[[ Data in this exercise open ]]

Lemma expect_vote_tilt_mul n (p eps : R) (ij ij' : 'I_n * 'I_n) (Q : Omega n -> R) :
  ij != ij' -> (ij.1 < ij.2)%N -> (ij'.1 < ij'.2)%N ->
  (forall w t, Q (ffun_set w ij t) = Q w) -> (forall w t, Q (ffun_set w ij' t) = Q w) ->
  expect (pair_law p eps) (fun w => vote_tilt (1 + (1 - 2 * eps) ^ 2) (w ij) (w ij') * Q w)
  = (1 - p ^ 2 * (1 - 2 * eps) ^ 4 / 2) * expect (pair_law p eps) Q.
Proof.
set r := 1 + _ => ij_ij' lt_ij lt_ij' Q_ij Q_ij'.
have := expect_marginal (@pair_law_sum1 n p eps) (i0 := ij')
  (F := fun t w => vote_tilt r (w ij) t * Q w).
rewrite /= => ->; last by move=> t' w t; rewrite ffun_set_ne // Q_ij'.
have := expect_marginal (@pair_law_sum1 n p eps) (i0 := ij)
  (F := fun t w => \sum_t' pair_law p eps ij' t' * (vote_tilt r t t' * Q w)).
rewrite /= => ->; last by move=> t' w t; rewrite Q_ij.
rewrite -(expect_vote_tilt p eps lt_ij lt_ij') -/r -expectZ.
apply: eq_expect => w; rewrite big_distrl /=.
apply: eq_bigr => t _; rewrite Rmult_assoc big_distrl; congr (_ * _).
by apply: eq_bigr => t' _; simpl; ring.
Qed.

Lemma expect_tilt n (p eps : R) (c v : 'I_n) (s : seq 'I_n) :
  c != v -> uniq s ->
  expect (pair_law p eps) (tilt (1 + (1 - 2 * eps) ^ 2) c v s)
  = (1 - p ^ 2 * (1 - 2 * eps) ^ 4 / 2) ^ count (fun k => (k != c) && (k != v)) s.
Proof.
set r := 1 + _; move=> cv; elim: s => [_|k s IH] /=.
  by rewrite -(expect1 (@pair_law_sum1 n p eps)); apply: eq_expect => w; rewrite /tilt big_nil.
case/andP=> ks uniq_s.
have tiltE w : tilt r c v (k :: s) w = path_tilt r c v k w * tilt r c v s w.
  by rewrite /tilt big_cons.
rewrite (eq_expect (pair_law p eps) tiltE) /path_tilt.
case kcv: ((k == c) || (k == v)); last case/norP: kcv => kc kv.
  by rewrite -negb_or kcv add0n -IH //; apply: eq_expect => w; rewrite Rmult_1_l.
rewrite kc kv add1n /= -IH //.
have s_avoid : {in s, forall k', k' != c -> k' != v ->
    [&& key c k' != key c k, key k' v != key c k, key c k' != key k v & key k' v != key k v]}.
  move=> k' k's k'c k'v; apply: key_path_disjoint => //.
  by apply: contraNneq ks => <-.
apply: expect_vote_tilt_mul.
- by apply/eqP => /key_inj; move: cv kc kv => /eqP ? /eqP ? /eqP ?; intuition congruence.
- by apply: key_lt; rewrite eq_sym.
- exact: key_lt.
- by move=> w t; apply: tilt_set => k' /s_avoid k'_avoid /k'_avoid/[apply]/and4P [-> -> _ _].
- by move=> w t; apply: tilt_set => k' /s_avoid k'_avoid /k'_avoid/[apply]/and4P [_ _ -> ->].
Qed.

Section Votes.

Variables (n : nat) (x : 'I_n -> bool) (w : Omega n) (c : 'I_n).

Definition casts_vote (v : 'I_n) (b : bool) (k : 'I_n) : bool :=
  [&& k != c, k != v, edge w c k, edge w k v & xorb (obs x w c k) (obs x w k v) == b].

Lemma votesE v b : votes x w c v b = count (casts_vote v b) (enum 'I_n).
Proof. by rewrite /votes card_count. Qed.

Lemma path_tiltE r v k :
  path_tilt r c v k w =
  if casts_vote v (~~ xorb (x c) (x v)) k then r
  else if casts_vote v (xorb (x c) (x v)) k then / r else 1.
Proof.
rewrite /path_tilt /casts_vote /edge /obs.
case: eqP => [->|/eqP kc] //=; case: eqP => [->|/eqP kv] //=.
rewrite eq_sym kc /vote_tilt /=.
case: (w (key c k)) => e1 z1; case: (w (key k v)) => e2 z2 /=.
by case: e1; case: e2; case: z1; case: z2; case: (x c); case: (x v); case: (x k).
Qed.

[[ Data in this exercise closed ]]

*Task item*: For the lines above, output exactly those from the line containing "set r := 1 + _ =>" through the line containing "Definition casts_vote (v", and skip the others.

*Result for this task*:
set r := 1 + _ => ij_ij' lt_ij lt_ij' Q_ij Q_ij'.
have := expect_marginal (@pair_law_sum1 n p eps) (i0 := ij')
  (F := fun t w => vote_tilt r (w ij) t * Q w).
rewrite /= => ->; last by move=> t' w t; rewrite ffun_set_ne // Q_ij'.
have := expect_marginal (@pair_law_sum1 n p eps) (i0 := ij)
  (F := fun t w => \sum_t' pair_law p eps ij' t' * (vote_tilt r t t' * Q w)).
rewrite /= => ->; last by move=> t' w t; rewrite Q_ij.
rewrite -(expect_vote_tilt p eps lt_ij lt_ij') -/r -expectZ.
apply: eq_expect => w; rewrite big_distrl /=.
apply: eq_bigr => t _; rewrite Rmult_assoc big_distrl; congr (_ * _).
by apply: eq_bigr => t' _; simpl; ring.
Qed.

Lemma expect_tilt n (p eps : R) (c v : 'I_n) (s : seq 'I_n) :
  c != v -> uniq s ->
  expect (pair_law p eps) (tilt (1 + (1 - 2 * eps) ^ 2) c v s)
  = (1 - p ^ 2 * (1 - 2 * eps) ^ 4 / 2) ^ count (fun k => (k != c) && (k != v)) s.
Proof.
set r := 1 + _; move=> cv; elim: s => [_|k s IH] /=.
  by rewrite -(expect1 (@pair_law_sum1 n p eps)); apply: eq_expect => w; rewrite /tilt big_nil.
case/andP=> ks uniq_s.
have tiltE w : tilt r c v (k :: s) w = path_tilt r c v k w * tilt r c v s w.
  by rewrite /tilt big_cons.
rewrite (eq_expect (pair_law p eps) tiltE) /path_tilt.
case kcv: ((k == c) || (k == v)); last case/norP: kcv => kc kv.
  by rewrite -negb_or kcv add0n -IH //; apply: eq_expect => w; rewrite Rmult_1_l.
rewrite kc kv add1n /= -IH //.
have s_avoid : {in s, forall k', k' != c -> k' != v ->
    [&& key c k' != key c k, key k' v != key c k, key c k' != key k v & key k' v != key k v]}.
  move=> k' k's k'c k'v; apply: key_path_disjoint => //.
  by apply: contraNneq ks => <-.
apply: expect_vote_tilt_mul.
- by apply/eqP => /key_inj; move: cv kc kv => /eqP ? /eqP ? /eqP ?; intuition congruence.
- by apply: key_lt; rewrite eq_sym.
- exact: key_lt.
- by move=> w t; apply: tilt_set => k' /s_avoid k'_avoid /k'_avoid/[apply]/and4P [-> -> _ _].
- by move=> w t; apply: tilt_set => k' /s_avoid k'_avoid /k'_avoid/[apply]/and4P [_ _ -> ->].
Qed.

Section Votes.

Variables (n : nat) (x : 'I_n -> bool) (w : Omega n) (c : 'I_n).

Definition casts_vote (v : 'I_n) (b : bool) (k : 'I_n) : bool :=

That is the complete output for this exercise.